HAPPY MEMORIAL DAY! This is us from the town dock, I loved that it was close enough to row Ginger to shore (also public restrooms for humans were nearby). There was a "Don't Feed the Alligators" sign at the dock. We didn't see any but evidently they're plentiful in the rivers and marshes in the area.
We did our own walking tour of the historic district where more than 50 buildings and sites are listed on the National Register of Historic Places.
The town did a great job with this 1500 foot Harborwalk. A number of restaurants on Front Street have access to it with outdoor seating.

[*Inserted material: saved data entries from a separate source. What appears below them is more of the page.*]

(* Both inner products are values of the generating function of nu, at alpha and alpha^2. *)
Lemma c1_eq : c1 = 2 * constA p q r.
Proof.
  pose proof rho_pos. pose proof alpha_bounds.
  assert (Hsa : dot sgn alt = (1 + alpha / (q - p * alpha)) / rho p q).
  { apply is_series_unique, (is_series_Rext (fun n => nu p q n * alpha ^ n)).
    - intro n. unfold sgn, alt. rewrite Rmult_assoc, <- Rpow_mult_distr. f_equal. f_equal. ring.
    - apply nu_gen. lra. }
  assert (Haa : dot alt alt = (1 + alpha * alpha / (q - p * (alpha * alpha))) / rho p q).
  { apply is_series_unique, (is_series_Rext (fun n => nu p q n * (alpha * alpha) ^ n)).
    - intro n. unfold alt. rewrite Rmult_assoc, <- Rpow_mult_distr. f_equal. f_equal. ring.
    - apply nu_gen. split; nra. }
  unfold c1. rewrite Hsa, Haa.
  assert (q - p * alpha > 0) by nra.
  assert (q - p * (alpha * alpha) > 0) by nra.
  unfold constA, alpha in *.
  assert (Hr : r = 1 - p - q) by lra. rewrite Hr in *.
  assert (1 - p > q) by lra. assert (q * q > 0) by nra.
  assert (1 - 2 * p > 0) by lra. assert (1 + q - p > 0) by lra.
  assert (A4 : q * ((1 - p) * (1 - p) - p * q) > 0).
  { apply Rmult_gt_0_compat; [lra|]. nra. }
  assert (A6 : q * ((1 - p) - p) > 0) by (apply Rmult_gt_0_compat; lra).
  field. repeat split; apply Rgt_not_eq; lra.
Qed.

Definition sgn_perp (n : nat) : R := sgn n + (- c0) * 1 + (- c1) * alt n.

Lemma bounded_sgn_perp : bounded sgn_perp.
Proof. unfold sgn_perp. apply bounded_lin; [apply bounded_lin|]; auto. Qed.

Lemma perp_eig_sgn_perp : perp_eig sgn_perp.
Proof.
  pose proof dot_alt_alt_pos.
  assert (Hb : bounded (fun n => sgn n + - c0 * 1)) by (apply bounded_lin; auto).
  split; [apply bounded_sgn_perp | split]; unfold sgn_perp; rewrite !wdotDl by auto.
  - rewrite dot_const_const, (wdot_sym _ alt), dot_const_alt. unfold c0. ring.
  - rewrite dot_const_alt. unfold c1. field. lra.
Qed.

Lemma trans_iter_sgn_head (t : nat) :
  trans_iter p q r t sgn 0%nat = c0 + c1 * (- alpha) ^ t + trans_iter p q r t sgn_perp 0%nat.
Proof.
  rewrite (trans_iter_ext _ _ _ t sgn (fun n => (sgn_perp n + c0 * 1) + c1 * alt n))
    by (intro n; unfold sgn_perp; ring).
  rewrite !trans_iter_lin, trans_iter_const, trans_iter_alt. unfold alt. simpl. ring.
Qed.

(* Since sgn_perp is the orthogonal projection of sgn off span {1, alt}, its norm is at most
   that of sgn_tail, the element of sgn + span {1, alt} vanishing at 0 and 1. *)
Definition sgn_tail (n : nat) : R :=
  sgn n + (- ((alpha - 1) / (alpha + 1))) * 1 + (- (2 / (1 + alpha))) * alt n.

Lemma bounded_sgn_tail : bounded sgn_tail.
Proof. unfold sgn_tail. apply bounded_lin; [apply bounded_lin|]; auto. Qed.

Lemma sgn_tail_head : sgn_tail 0 = 0 /\ sgn_tail 1 = 0.
Proof. pose proof alpha_bounds. unfold sgn_tail, sgn, alt. simpl. split; field; lra. Qed.

Lemma sgn_tail_sq_le (n : nat) : sgn_tail n * sgn_tail n <= 4 / ((1 + alpha) * (1 + alpha)).
Proof.
  pose proof alpha_bounds as [Ha0 Ha1].
  set (N := sgn n * (1 + alpha - 2 * alpha ^ n) - (alpha - 1)).
  assert (E : sgn_tail n = N / (1 + alpha)).
  { unfold sgn_tail, N, alt, sgn. replace (- alpha) with (-1 * alpha) by ring.
    rewrite Rpow_mult_distr. field. lra. }
  assert (HN : N * N <= 4).
  { unfold N, sgn. destruct (Nat.Even_or_Odd n) as [[m ->] | [m ->]].
    - rewrite pow_1_even.
      assert (0 <= alpha ^ (2 * m) <= 1) by (split; [apply pow_le | rewrite <- (pow1 (2 * m)); apply pow_incr]; lra).
      nra.
    - rewrite Nat.add_1_r, pow_1_odd, <- tech_pow_Rmult.
      assert (0 <= alpha ^ (2 * m) <= 1) by (split; [apply pow_le | rewrite <- (pow1 (2 * m)); apply pow_incr]; lra).
      nra. }
  rewrite E. replace (N / (1 + alpha) * (N / (1 + alpha))) with (N * N / ((1 + alpha) * (1 + alpha)))
    by (field; lra).
  apply Rmult_le_compat_r; [apply Rlt_le, Rinv_0_lt_compat; nra | exact HN].
Qed.

Lemma norm_sgn_perp_le_tail : dot sgn_perp sgn_perp <= dot sgn_tail sgn_tail.
Proof.
  pose proof perp_eig_sgn_perp as [Hb [H1 Ha]].
  set (k := fun n => (c0 - (alpha - 1) / (alpha + 1)) * 1 + (c1 - 2 / (1 + alpha)) * alt n).
  assert (Hk : bounded k) by (apply bounded_lin; auto; apply bounded_const).
  rewrite (wdot_ext _ sgn_tail (fun n => sgn_perp n + 1 * k n) sgn_tail (fun n => sgn_perp n + 1 * k n))
    by (intro n; unfold sgn_tail, sgn_perp, k; ring).
  assert (Horth : dot sgn_perp k = 0).
  { unfold k. rewrite wdotDr, wdotZr, H1, Ha by auto. ring. }
  rewrite wdot_orth_add by auto.
  pose proof (wdot_ge0 _ nu_ge0 ex_nu k Hk). lra.
Qed.

Lemma nu_tail_mass : 1 - nu p q 0 - nu p q 1 = nu p q 0 * (p / (q * (q - p))).
Proof. unfold nu. rewrite rho_eq. simpl. field. repeat split; apply Rgt_not_eq; lra. Qed.

Lemma norm_sgn_tail : dot sgn_tail sgn_tail <= 4 / ((1 + alpha) * (1 + alpha)) * (1 - nu p q 0 - nu p q 1).
Proof.
  set (K := 4 / ((1 + alpha) * (1 + alpha))).
  destruct sgn_tail_head as [H0 H1].
  assert (Hex2 : forall a : nat -> R, ex_series a -> ex_series (fun k => a (S (S k)))).
  { intros a Ha. do 2 apply (proj1 (ex_series_incr_1 _)) in Ha. exact Ha. }
  assert (Hsplit : forall a : nat -> R, ex_series a ->
            Series a = a 0%nat + a 1%nat + Series (fun k => a (S (S k)))).
  { intros a Ha. rewrite (Series_incr_1 a Ha), (Series_incr_1 (fun k => a (S k)))
      by exact (proj1 (ex_series_incr_1 _) Ha). ring. }
  unfold wdot. rewrite Hsplit by (apply ex_wdot; auto using bounded_sgn_tail).
  rewrite <- Series_nu, (Hsplit (nu p q) ex_nu), H0, H1.
  replace (nu p q 0 + nu p q 1 + Series (fun k => nu p q (S (S k))) - nu p q 0 - nu p q 1)
    with (Series (fun k => nu p q (S (S k)))) by ring.
  assert (Series (fun k => nu p q (S (S k)) * sgn_tail (S (S k)) * sgn_tail (S (S k)))
          <= Series (fun k => K * nu p q (S (S k)))).
  { apply Series_le; [|apply ex_series_Rscal, (Hex2 _ ex_nu)].
    intro n. pose proof (nu_pos (S (S n))). pose proof (sgn_tail_sq_le (S (S n))) as Hn.
    fold K in Hn. rewrite Rmult_assoc. split; [apply Rmult_le_pos; [lra | apply Rle_0_sqr] | nra]. }
  rewrite Series_scal_l in *. lra.
Qed.

Lemma norm_sgn_perp_le : dot sgn_perp sgn_perp <= 4 * constB p q r ^ 2 * nu p q 0.
Proof.
  eapply Rle_trans; [apply norm_sgn_perp_le_tail|]. eapply Rle_trans; [apply norm_sgn_tail|].
  rewrite nu_tail_mass. destruct (constB_sq_ge p q r hp hq hr hsum hqp hgap) as [_ HB].
  pose proof (nu_pos 0). pose proof alpha_bounds.
  replace (4 / ((1 + alpha) * (1 + alpha)) * (nu p q 0 * (p / (q * (q - p)))))
    with (4 * nu p q 0 * (p / (q * (q - p) * (1 + alpha) ^ 2)))
    by (field; repeat split; apply Rgt_not_eq; nra).
  replace (4 * constB p q r ^ 2 * nu p q 0) with (4 * nu p q 0 * constB p q r ^ 2) by ring.
  apply Rmult_le_compat_l; [lra | exact HB].
Qed.

Lemma trans_iter_sgn_perp_head_le (t : nat) :
  Rabs (trans_iter p q r t sgn_perp 0%nat) <= 2 * constB p q r * beta ^ t.
Proof.
  set (X := trans_iter p q r t sgn_perp 0%nat).
  pose proof (wdot_ge_head _ nu_ge0 ex_nu _ (bounded_trans_iter p q r t _ bounded_sgn_perp)) as H1.
  pose proof (norm_trans_iter_perp_eig t _ perp_eig_sgn_perp) as H2.
  pose proof norm_sgn_perp_le as H3. pose proof (nu_pos 0) as Hn.
  destruct (constB_sq_ge p q r hp hq hr hsum hqp hgap) as [HB _].
  pose proof beta_bounds as [Hb _].
  assert (Hbt : 0 <= beta ^ t) by (apply pow_le; lra).
  replace (2 * t)%nat with (t * 2)%nat in H2 by lia. rewrite pow_mult in H2.
  fold X in H1.
  assert (H4 : nu p q 0 * (X * X) <= (beta ^ t) ^ 2 * (4 * constB p q r ^ 2 * nu p q 0)).
  { assert (0 <= (beta ^ t) ^ 2) by apply pow2_ge_0.
    assert ((beta ^ t) ^ 2 * dot sgn_perp sgn_perp <= (beta ^ t) ^ 2 * (4 * constB p q r ^ 2 * nu p q 0))
      by (apply Rmult_le_compat_l; auto).
    lra. }
  replace ((beta ^ t) ^ 2 * (4 * constB p q r ^ 2 * nu p q 0))
    with (nu p q 0 * ((2 * constB p q r * beta ^ t) * (2 * constB p q r * beta ^ t))) in H4 by ring.
  apply Rmult_le_reg_l in H4; [|exact Hn].
  rewrite <- (Rabs_pos_eq (2 * constB p q r * beta ^ t)) by nra.
  apply Rsqr_le_abs_0. exact H4.
Qed.

(* Test the signed measure nu - mu_t against the alternating function sgn. *)
Lemma two_tv_dist_ge (t : nat) :
  2 * tv_dist (nu p q) (mu p q r t) >= Rabs (c0 - trans_iter p q r t sgn 0%nat).
Proof.
  set (phi := trans_iter p q r t delta0).
  assert (Hphi : bounded phi) by (apply bounded_trans_iter, bounded_delta0).
  set (u := fun n => 1 + (-1) * phi n).
  assert (Hu : bounded u) by (apply bounded_lin; auto).
  set (a := fun n => nu p q n * u n * sgn n).
  assert (Ea : forall n, Rabs (nu p q n - mu p q r t n) = Rabs (a n)).
  { intro n. unfold a, u. rewrite mu_eq_nu_trans_iter. fold phi.
    rewrite Rabs_mult. unfold sgn. rewrite pow_1_abs, Rmult_1_r. f_equal. ring. }
  unfold tv_dist. rewrite (Series_ext _ _ Ea).
  assert (Hex : ex_series (fun n => Rabs (a n))).
  { apply (ex_series_Rext (fun n => nu p q n * Rabs (u n) * 1)).
    - intro n. unfold a, sgn. rewrite !Rabs_mult, pow_1_abs, (Rabs_pos_eq (nu p q n)); auto.
    - apply ex_wdot; auto. destruct Hu as [M HM]. exists M. intro n. now rewrite Rabs_Rabsolu. }
  assert (ES : Series a = c0 - trans_iter p q r t sgn 0%nat).
  { change (Series a) with (dot u sgn). unfold u. rewrite wdotDl by auto.
    rewrite (wdot_sym _ (fun _ => 1) sgn). fold c0. unfold phi.
    rewrite dot_trans_iter_sym, dot_delta0 by auto using bounded_delta0, bounded_trans_iter. ring. }
  pose proof (Series_Rabs a Hex) as HS. rewrite ES in HS. lra.
Qed.

Lemma tv_dist_lower_bound (t : nat) :
  tv_dist (nu p q) (mu p q r t) >=
    constA p q r * (q / (q + r)) ^ t - constB p q r * (r + 2 * sqrt (p * q)) ^ t.
Proof.
  pose proof (two_tv_dist_ge t) as Htv.
  rewrite trans_iter_sgn_head in Htv.
  replace (c0 - (c0 + c1 * (- alpha) ^ t + trans_iter p q r t sgn_perp 0%nat))
    with (- (c1 * (- alpha) ^ t) - trans_iter p q r t sgn_perp 0%nat) in Htv by ring.
  pose proof (Rabs_triang_inv (- (c1 * (- alpha) ^ t)) (trans_iter p q r t sgn_perp 0%nat)) as HT.
  pose proof (trans_iter_sgn_perp_head_le t) as HB.
  assert (HA : Rabs (- (c1 * (- alpha) ^ t)) >= 2 * constA p q r * alpha ^ t).
  { rewrite Rabs_Ropp, Rabs_mult, <- RPow_abs, Rabs_Ropp, c1_eq.
    pose proof alpha_bounds. rewrite (Rabs_pos_eq alpha) by lra.
    assert (0 <= alpha ^ t) by (apply pow_le; lra).
    pose proof (Rle_abs (2 * constA p q r)). nra. }
  unfold alpha, beta in *. lra.
Qed.

End Chain.

Theorem mainTheorem2 (p q r : R)
  (hp : 0 < p) (hq : 0 < q) (hr : 0 < r) (hsum : p + q + r = 1) (hqp : p < q)
  (hgap : q / (q + r) > r + 2 * sqrt (p * q)) :
  exists T : nat, forall t : nat, (T <= t)%nat ->
    tv_dist (nu p q) (mu p q r t) >=
      constA p q r * (q / (q + r)) ^ t - constB p q r * (r + 2 * sqrt (p * q)) ^ t.
Proof.
  exists 0%nat. intros t _. now apply tv_dist_lower_bound.
Qed.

The William Doyle Morgan House (c. 1880). This one was beautifully restored.
This historic home is now a Bed and Breakfast. I thought the porch looked really inviting.
Here's one of the lovely streets lined with Live Oaks. There was a special sign for a 570-year old Champion Live Oak. They're called that because they're green year-round.
This is Prince George, Winyah, Episcopal Church (c. 1747)
Prince George is one of the few original church buildings still in use in South Carolina dating to the colonial period. The box pews were customary in colonial times. The pews were assigned a number and members owned their pew!
Since there was no heat in the church, pew owners frequently brought charcoal burners from their carriages in cold weather and the pews retained the heat. The "good old days"?
Another inviting porch on a lovely old southern home.
The sign below explains the historic building above.
A "watch cat" sleeping on the job inside a store on Front Street.
This town landmark also houses the Rice Museum (c. 1842). It was originally an open-air market. Surrender papers were signed here in 1865.
That's all for Georgetown, we really enjoyed our two nights anchored here. The only downside was the "pungent" odor from the paper/pulp mill when the wind was right. It was very similar to the air when you're nearing Kaukauna on Hwy. 41 in Northeast Wisconsin (many of you will relate!)